Надя слабо качнула головой, ее губы, потрескавшиеся от мороза, едва шевельнулись:
– Не... не надо мне. Отдам Вере. Она... совсем плоха. Дышать... не может. Как та баба... помнишь? На этапе... Хрипит...
Анна помнила. Помнила ту женщину, которая умерла у нее на глазах в товарном вагоне, задыхаясь, с пеной у рта. Помнила, как ее тело просто выбросили на каком-то разъезде, в снег. Помнила трупы, которые видела по дороге в баню в первые дни. Смерть здесь была обыденностью, как снег зимой. Но когда она касалась тех, кто был рядом... Это было другое.

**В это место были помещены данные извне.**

(* Let $(X,\to)$ be a transition system over $A$. For every preorder $R\in\mathit{Pre}(X)$ and $x_1,x_2\in X$: $(x_1,x_2)\in\beta_s(R)$ iff for all $a\in A$ and all $y_1\in\delta_a(x_1)$ there exists $y_2\in\delta_a(x_2)$ with $y_1\mathrel Ry_2$. Moreover, if the transition system is finitely branching, $\beta_s$ is continuous on $(\mathit{Pre}(X),\supseteq)$.
   Context: A transition system over $A$: $(X,\to)$ with $\to\subseteq X\times A\times X$; $\delta_a(x)=\{x'\mid x\xrightarrow{a}x'\}$; finitely branching means $\{(a,x')\mid x\xrightarrow{a}x'\}$ is finite for all $x$. $\mathit{Pre}(X)$ is the set of preorders on $X$, ordered by $\supseteq$; continuity means preserving suprema of well-ordered chains in this order (i.e. intersections of descending chains). $\Diamond_a(S)=\{x\mid\exists x'\in S\colon x\xrightarrow{a}x'\}$. $\alpha_s(\mathcal S)=\{(x_1,x_2)\mid\forall S\in\mathcal S\colon(x_1\in S\Rightarrow x_2\in S)\}$ for $\mathcal S\subseteq\mathcal P(X)$; $\gamma_s(R)=\{S\subseteq X\mid\forall s\in S\colon R[\{s\}]\subseteq S\}$ where $R[\{s\}]=\{y\mid (s,y)\in R\}$; $\mathit{lo}_s(\mathcal S)=\bigcup_{a\in A}\{\Diamond_a(S)\mid S\in\mathrm{cl}^\cap_f(\mathcal S)\}$, with $\mathrm{cl}^\cap_f$ the closure under finite intersections (including the empty intersection $X$); $\beta_s=\alpha_s\circ\mathit{lo}_s\circ\gamma_s$. *)

From Stdlib Require Import List.
Import ListNotations.

Set Implicit Arguments.

(* A transition system over A on states X: trans x a x' means x --a--> x'. *)
Definition lts (X A : Type) := X -> A -> X -> Prop.

Section Defs.
Variables (X A : Type) (trans : lts X A).

Definition delta (a : A) (x : X) : X -> Prop := fun x' => trans x a x'.

Definition finitely_branching : Prop :=
  forall x, exists l : list (A * X),
    forall a x', trans x a x' <-> In (a, x') l.

Definition is_preorder (R : X -> X -> Prop) : Prop :=
  (forall x, R x x) /\ (forall x y z, R x y -> R y z -> R x z).

Definition Diamond (a : A) (S : X -> Prop) : X -> Prop :=
  fun x => exists x', S x' /\ trans x a x'.

Definition alpha_s (SS : (X -> Prop) -> Prop) : X -> X -> Prop :=
  fun x1 x2 => forall S, SS S -> S x1 -> S x2.

Definition gamma_s (R : X -> X -> Prop) : (X -> Prop) -> Prop :=
  fun S => forall s, S s -> forall y, R s y -> S y.

(* closure under finite intersections (the empty intersection being X) *)
Definition cl_fin_inter (SS : (X -> Prop) -> Prop) : (X -> Prop) -> Prop :=
  fun S => exists l : list (X -> Prop),
    (forall T, In T l -> SS T) /\ S = (fun x => forall T, In T l -> T x).

Definition lo_s (SS : (X -> Prop) -> Prop) : (X -> Prop) -> Prop :=
  fun T => exists a S, cl_fin_inter SS S /\ T = Diamond a S.

Definition beta_s (R : X -> X -> Prop) : X -> X -> Prop :=
  alpha_s (lo_s (gamma_s R)).

End Defs.

(* Intersection of a family of relations (supremum in (Pre(X), ⊇)). *)
Definition rel_inter (X : Type) (C : (X -> X -> Prop) -> Prop) : X -> X -> Prop :=
  fun x y => forall R, C R -> R x y.

Definition rel_sub (X : Type) (R S : X -> X -> Prop) : Prop :=
  forall x y, R x y -> S x y.

(* A nonempty well-ordered chain in (Pre(X), ⊇): a nonempty family of
   preorders, totally ordered by inclusion, such that every nonempty
   subfamily has a ⊇-least element (i.e. a member containing all others). *)
Definition wo_chain_Pre (X : Type) (C : (X -> X -> Prop) -> Prop) : Prop :=
  (forall R, C R -> is_preorder R) /\
  (exists R, C R) /\
  (forall R S, C R -> C S -> rel_sub R S \/ rel_sub S R) /\
  (forall D : (X -> X -> Prop) -> Prop,
     (forall R, D R -> C R) -> (exists R, D R) ->
     exists R0, D R0 /\ forall S, D S -> rel_sub S R0).

(* beta_s is continuous on (Pre(X), ⊇): it preserves suprema (= intersections)
   of nonempty well-ordered chains. *)
Definition beta_s_continuous (X A : Type) (trans : lts X A) : Prop :=
  forall C : (X -> X -> Prop) -> Prop, wo_chain_Pre C ->
    forall x1 x2,
      beta_s trans (rel_inter C) x1 x2 <->
      rel_inter (fun T => exists R, C R /\ T = beta_s trans R) x1 x2.

(* A set closed under R-successors contains the R-upset of each of its
   points.  When R is a preorder the upset of y1 is such a set and contains
   y1, so testing beta_s against Diamond_a of it yields the transfer
   condition; conversely, the transfer condition keeps x2 in Diamond_a of
   every finite intersection of such sets.  For continuity, each member R of
   the chain yields an a-successor of x2 lying R-above y1.  Since x2 has
   finitely many a-successors and a chain cannot exclude each of finitely
   many points without one member excluding all of them, a single successor
   serves the whole chain. *)

From Stdlib Require Import List.
From Stdlib Require Import Classical.
Import ListNotations.

Set Implicit Arguments.

Section ChainFiniteMeet.
Variables (I Y : Type) (C : I -> Prop) (F : I -> Y -> Prop).
Hypothesis C_nonempty : exists i, C i.
Hypothesis F_chain : forall i j, C i -> C j ->
  (forall y, F i y -> F j y) \/ (forall y, F j y -> F i y).

Lemma chain_avoids_list (l : list Y) :
  (forall y, In y l -> exists i, C i /\ ~ F i y) ->
  exists m, C m /\ forall y, In y l -> ~ F m y.
Proof.
  induction l as [|y l IH]; intros Havoid.
  - destruct C_nonempty as [m Hm]. exists m; split; [exact Hm | intros y []].
  - destruct IH as [m [Hm Hml]]; [intros z Hz; apply Havoid; right; exact Hz|].
    destruct (Havoid y (or_introl eq_refl)) as [i [Hi Hiy]].
    destruct (F_chain Hm Hi) as [Hmi | Him].
    + exists m; split; [exact Hm|].
      intros z [<- | Hz] Hmz; [exact (Hiy (Hmi y Hmz)) | exact (Hml z Hz Hmz)].
    + exists i; split; [exact Hi|].
      intros z [<- | Hz] Hiz; [exact (Hiy Hiz) | exact (Hml z Hz (Him z Hiz))].
Qed.

Lemma chain_meets_list_inter (l : list Y) :
  (forall i, C i -> exists y, In y l /\ F i y) ->
  exists y, In y l /\ forall i, C i -> F i y.
Proof.
  intros Hmeet. apply NNPP; intros Hnone.
  destruct (chain_avoids_list l) as [m [Hm Hml]].
  - intros y Hy. apply NNPP; intros Hall. apply Hnone.
    exists y; split; [exact Hy|].
    intros i Hi. apply NNPP; intros Hiy. apply Hall. exists i; split; assumption.
  - destruct (Hmeet m Hm) as [y [Hy Hmy]]. exact (Hml y Hy Hmy).
Qed.

End ChainFiniteMeet.

Section BetaS.
Variables (X A : Type) (trans : lts X A).

Definition transfer (R : X -> X -> Prop) (x1 x2 : X) : Prop :=
  forall a y1, delta trans a x1 y1 -> exists y2, delta trans a x2 y2 /\ R y1 y2.

Lemma transfer_mono (R S : X -> X -> Prop) (x1 x2 : X) :
  rel_sub R S -> transfer R x1 x2 -> transfer S x1 x2.
Proof.
  intros HRS Htr a y1 Hy1.
  destruct (Htr a y1 Hy1) as [y2 [Hy2 HR]].
  exists y2; split; [exact Hy2 | exact (HRS _ _ HR)].
Qed.

Lemma gamma_s_upset (R : X -> X -> Prop) (y : X) :
  (forall x y z, R x y -> R y z -> R x z) -> gamma_s R (R y).
Proof. intros Htrans s Hs z Hz. exact (Htrans _ _ _ Hs Hz). Qed.

Lemma gamma_s_cl_fin_inter (R : X -> X -> Prop) (S : X -> Prop) :
  cl_fin_inter (gamma_s R) S -> gamma_s R S.
Proof.
  intros [l [Hl ->]] s Hs y Hy T HT. exact (Hl T HT s (Hs T HT) y Hy).
Qed.

Lemma lo_s_Diamond_singleton (SS : (X -> Prop) -> Prop) (S : X -> Prop) (a : A) :
  SS S -> lo_s trans SS (Diamond trans a (fun x => forall T, In T [S] -> T x)).
Proof.
  intros HS. exists a, (fun x => forall T, In T [S] -> T x); split; [|reflexivity].
  exists [S]; split; [intros T [<- | []]; exact HS | reflexivity].
Qed.

Lemma beta_s_transfer (R : X -> X -> Prop) (x1 x2 : X) :
  is_preorder R -> beta_s trans R x1 x2 -> transfer R x1 x2.
Proof.
  intros [Hrefl Htrans] Hbeta a y1 Hy1.
  assert (Hdia : Diamond trans a (fun x => forall T, In T [R y1] -> T x) x2).
  { apply Hbeta.
    - apply lo_s_Diamond_singleton, gamma_s_upset, Htrans.
    - exists y1; split; [intros T [<- | []]; exact (Hrefl y1) | exact Hy1]. }
  destruct Hdia as [y2 [Hup Hy2]].
  exists y2; split; [exact Hy2 | exact (Hup _ (or_introl eq_refl))].
Qed.

Lemma transfer_beta_s (R : X -> X -> Prop) (x1 x2 : X) :
  transfer R x1 x2 -> beta_s trans R x1 x2.
Proof.
  intros Htr T [a [S [HS ->]]] [y1 [Hy1S Hy1]].
  destruct (Htr a y1 Hy1) as [y2 [Hy2 HR]].
  exists y2; split; [exact (gamma_s_cl_fin_inter HS y1 Hy1S y2 HR) | exact Hy2].
Qed.

Lemma beta_s_iff_transfer (R : X -> X -> Prop) (x1 x2 : X) :
  is_preorder R -> beta_s trans R x1 x2 <-> transfer R x1 x2.
Proof.
  intros HR; split; [exact (beta_s_transfer HR) | exact (@transfer_beta_s R x1 x2)].
Qed.

Lemma rel_inter_preorder (C : (X -> X -> Prop) -> Prop) :
  (forall R, C R -> is_preorder R) -> is_preorder (rel_inter C).
Proof.
  intros Hpre; split.
  - intros x R HR. exact (proj1 (Hpre R HR) x).
  - intros x y z Hxy Hyz R HR. exact (proj2 (Hpre R HR) x y z (Hxy R HR) (Hyz R HR)).
Qed.

Lemma transfer_rel_inter_chain (C : (X -> X -> Prop) -> Prop) (x1 x2 : X) :
  finitely_branching trans ->
  (exists R, C R) ->
  (forall R S, C R -> C S -> rel_sub R S \/ rel_sub S R) ->
  (forall R, C R -> transfer R x1 x2) -> transfer (rel_inter C) x1 x2.
Proof.
  intros Hfb Hne Hchain Htr a y1 Hy1.
  destruct (Hfb x2) as [l Hl].
  destruct (@chain_meets_list_inter _ _ C
              (fun R y2 => delta trans a x2 y2 /\ R y1 y2) Hne)
    with (l := map snd l) as [y2 [_ Hall]].
  - intros R S HR HS.
    destruct (Hchain R S HR HS) as [HRS | HSR]; [left | right];
      intros y [Hy Hrel]; split; auto.
  - intros R HR. destruct (Htr R HR a y1 Hy1) as [y2 [Hy2 Hrel]].
    exists y2; split; [|split; assumption].
    exact (in_map snd l (a, y2) (proj1 (Hl a y2) Hy2)).
  - destruct Hne as [R0 HR0].
    exists y2; split; [exact (proj1 (Hall R0 HR0)) |].
    intros R HR; exact (proj2 (Hall R HR)).
Qed.

Lemma beta_s_continuous_of_finitely_branching :
  finitely_branching trans -> beta_s_continuous trans.
Proof.
  intros Hfb C [Hpre [Hne [Hchain _]]] x1 x2.
  rewrite beta_s_iff_transfer by exact (rel_inter_preorder C Hpre); split.
  - intros Htr T [R [HR ->]].
    apply transfer_beta_s.
    exact (transfer_mono (fun x y H => H R HR) Htr).
  - intros Hbeta. apply transfer_rel_inter_chain; [exact Hfb | exact Hne | exact Hchain |].
    intros R HR. apply (beta_s_transfer (Hpre R HR)). apply Hbeta. exists R; auto.
Qed.

End BetaS.

Theorem mainTheorem7 (X A : Type) (trans : lts X A) :
  (forall R : X -> X -> Prop, is_preorder R ->
     forall x1 x2 : X,
       beta_s trans R x1 x2 <->
       (forall (a : A) (y1 : X), delta trans a x1 y1 ->
          exists y2, delta trans a x2 y2 /\ R y1 y2)) /\
  (finitely_branching trans -> beta_s_continuous trans).
Proof.
  split.
  - intros R HR x1 x2. exact (beta_s_iff_transfer trans x1 x2 HR).
  - exact (@beta_s_continuous_of_finitely_branching X A trans).
Qed.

Надя воровала. Анна знала это давно. Не из жадности, не из злого умысла. Из той же животной, слепой потребности выжить, что гнала всех здешних обитателей. Но Надя воровала систематически и с риском, несоразмерным жалкой добыче. Иногда Анне казалось, что Надя постепенно сходит с ума. Горсть картошки из склада. Кусок мыла из бани. Хлеб у зазевавшейся вахтерши. Мелочи. Но для Нади – глоток воздуха для нее самой и для тех, кого она по-своему, по-лагерному, любила. Для Веры, умиравшей от чахотки в соседнем бараке. Для глухонемой девчонки Галочки, которой Надя приносила кусочки хлеба, отрывая от своего скудного пайка. Для самой Анны в первые, самые страшные дни, когда Надя делилась последним куском, поддерживая словом и этим немым жестом солидарности обреченных. Надя была милосердна ко всем. Даже к ней, к Анне, которую здесь все ненавидели.

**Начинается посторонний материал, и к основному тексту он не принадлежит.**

(* Let $G$ be a large scale group, let $K$ be a symmetric bounded subset of $G$ containing $1_G$, and let $B$ be a bounded subset of $G$ such that $G\setminus B$ has exactly two $K$-components $L$ and $R$, both unbounded, and $G$ acts trivially on $L$ and on $R$. Suppose one of the following holds: (1) $B$ is $K$-connected; (2) $B\subseteq h\cdot K^n$ for some $h\in G$ and $n\ge1$. Then $G$ has a cyclic subgroup of bounded index.
   Context: A bornology on a set is a cover closed under subsets and finite unions. A large scale group is a group $G$ with a bornology $\mathcal B$ closed under inverses and products; its uniformly bounded covers are the covers refining $\{gB\}_{g\in G}$ for some $B\in\mathcal B$; bounded sets are members of $\mathcal B$. $K^n$ denotes the $n$-fold product set $K\cdots K$. For a symmetric $K\subseteq G$ ($K^{-1}=K$), a $K$-chain is a finite sequence $g_1,\dots,g_k$ in $G$ with $g_i^{-1}g_{i+1}\in K$ for all $i<k$; a set $C$ is $K$-connected if any two of its elements are joined by a $K$-chain in $C$; the $K$-components of $A\subseteq G$ are the equivalence classes of $A$ under the relation ''joined by a $K$-chain lying in $A$''. $G$ acts trivially on $A\subseteq G$ if the symmetric difference $A\,\Delta\,(g\cdot A)$ is bounded for each $g\in G$. A subgroup $H$ is of bounded index if $B'\cdot H=G$ for some bounded $B'$. *)

From Stdlib Require Import ZArith.

Set Implicit Arguments.

Record Group := {
  carrier :> Type;
  gmul : carrier -> carrier -> carrier;
  ginv : carrier -> carrier;
  gone : carrier;
  gmulA : forall x y z, gmul x (gmul y z) = gmul (gmul x y) z;
  gmul1l : forall x, gmul gone x = x;
  gmul1r : forall x, gmul x gone = x;
  gmulVl : forall x, gmul (ginv x) x = gone;
  gmulVr : forall x, gmul x (ginv x) = gone
}.

Definition gset (G : Type) := G -> Prop.

Section Sets.
Variable G : Group.

Definition subset (A B : gset G) := forall x, A x -> B x.
Definition seteq (A B : gset G) := forall x, A x <-> B x.
Definition setU (A B : gset G) : gset G := fun x => A x \/ B x.
Definition setD (A B : gset G) : gset G := fun x => A x /\ ~ B x.
Definition setSymD (A B : gset G) : gset G := setU (setD A B) (setD B A).
Definition setT_ : gset G := fun _ => True.
Definition setinv (A : gset G) : gset G := fun x => exists a, A a /\ x = @ginv G a.
Definition setmul (A B : gset G) : gset G :=
  fun x => exists a b, A a /\ B b /\ x = @gmul G a b.
Definition ltrans (g : G) (A : gset G) : gset G :=
  fun x => exists a, A a /\ x = @gmul G g a.
Fixpoint setpow (K : gset G) (n : nat) : gset G :=
  match n with
  | O => fun x => x = gone G
  | S O => K
  | S m => setmul (setpow K m) K
  end.

Definition gpow (g : G) (n : nat) : G := Nat.iter n (fun y => @gmul G y g) (gone G).
Definition zpow (g : G) (z : Z) : G :=
  match z with
  | Z0 => gone G
  | Zpos p => gpow g (Pos.to_nat p)
  | Zneg p => @ginv G (gpow g (Pos.to_nat p))
  end.
Definition cyclic_sub (g : G) : gset G := fun x => exists z : Z, x = zpow g z.

Definition symmetric (K : gset G) := forall x, K x <-> K (@ginv G x).

(** [Kjoined K A x y]: x and y are joined by a K-chain lying in A, i.e. a finite
    sequence x = g_1, ..., g_k = y of elements of A with g_i^-1 g_(i+1) in K. *)
Inductive Kjoined (K A : gset G) (x : G) : G -> Prop :=
  | Kj_refl : A x -> Kjoined K A x x
  | Kj_step : forall y z, Kjoined K A x y -> A z -> K (@gmul G (@ginv G y) z) ->
              Kjoined K A x z.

– Зачем ты рисковала? – прошептала Анна вчера вечером в клубе, когда Надя, дрожа от страха и холода, сунула ей в руку полусгнившую морковку. – Тебя же поймают! Тебя...
– Вере, – просто ответила Надя, ее глаза были огромными, полными страха, но и странной решимости. – Ей... легче стало. От картошки... вчерашней. Дышать... чуть легче. И Галочка... улыбнулась. – Она попыталась улыбнуться сама, но получился жалкий оскал. – А тебе... тоже надо. Ты... не сломайся там, у него. Держись, барчуха.
Именно тогда их заметила Степанида, бригадирша, из уголовниц, злобная и доносившая Маркову за лишнюю пайку хлеба. Ее маленькие, свиные глазки блеснули торжеством. Надя всегда была для нее бельмом на глазу – тихая, не лебезила, не воровала у своих, помогала "доходягам". Идеальная жертва для показательной расправы.
Надя сжалась, спрятав морковку за спину. Анна инстинктивно встала перед подругой.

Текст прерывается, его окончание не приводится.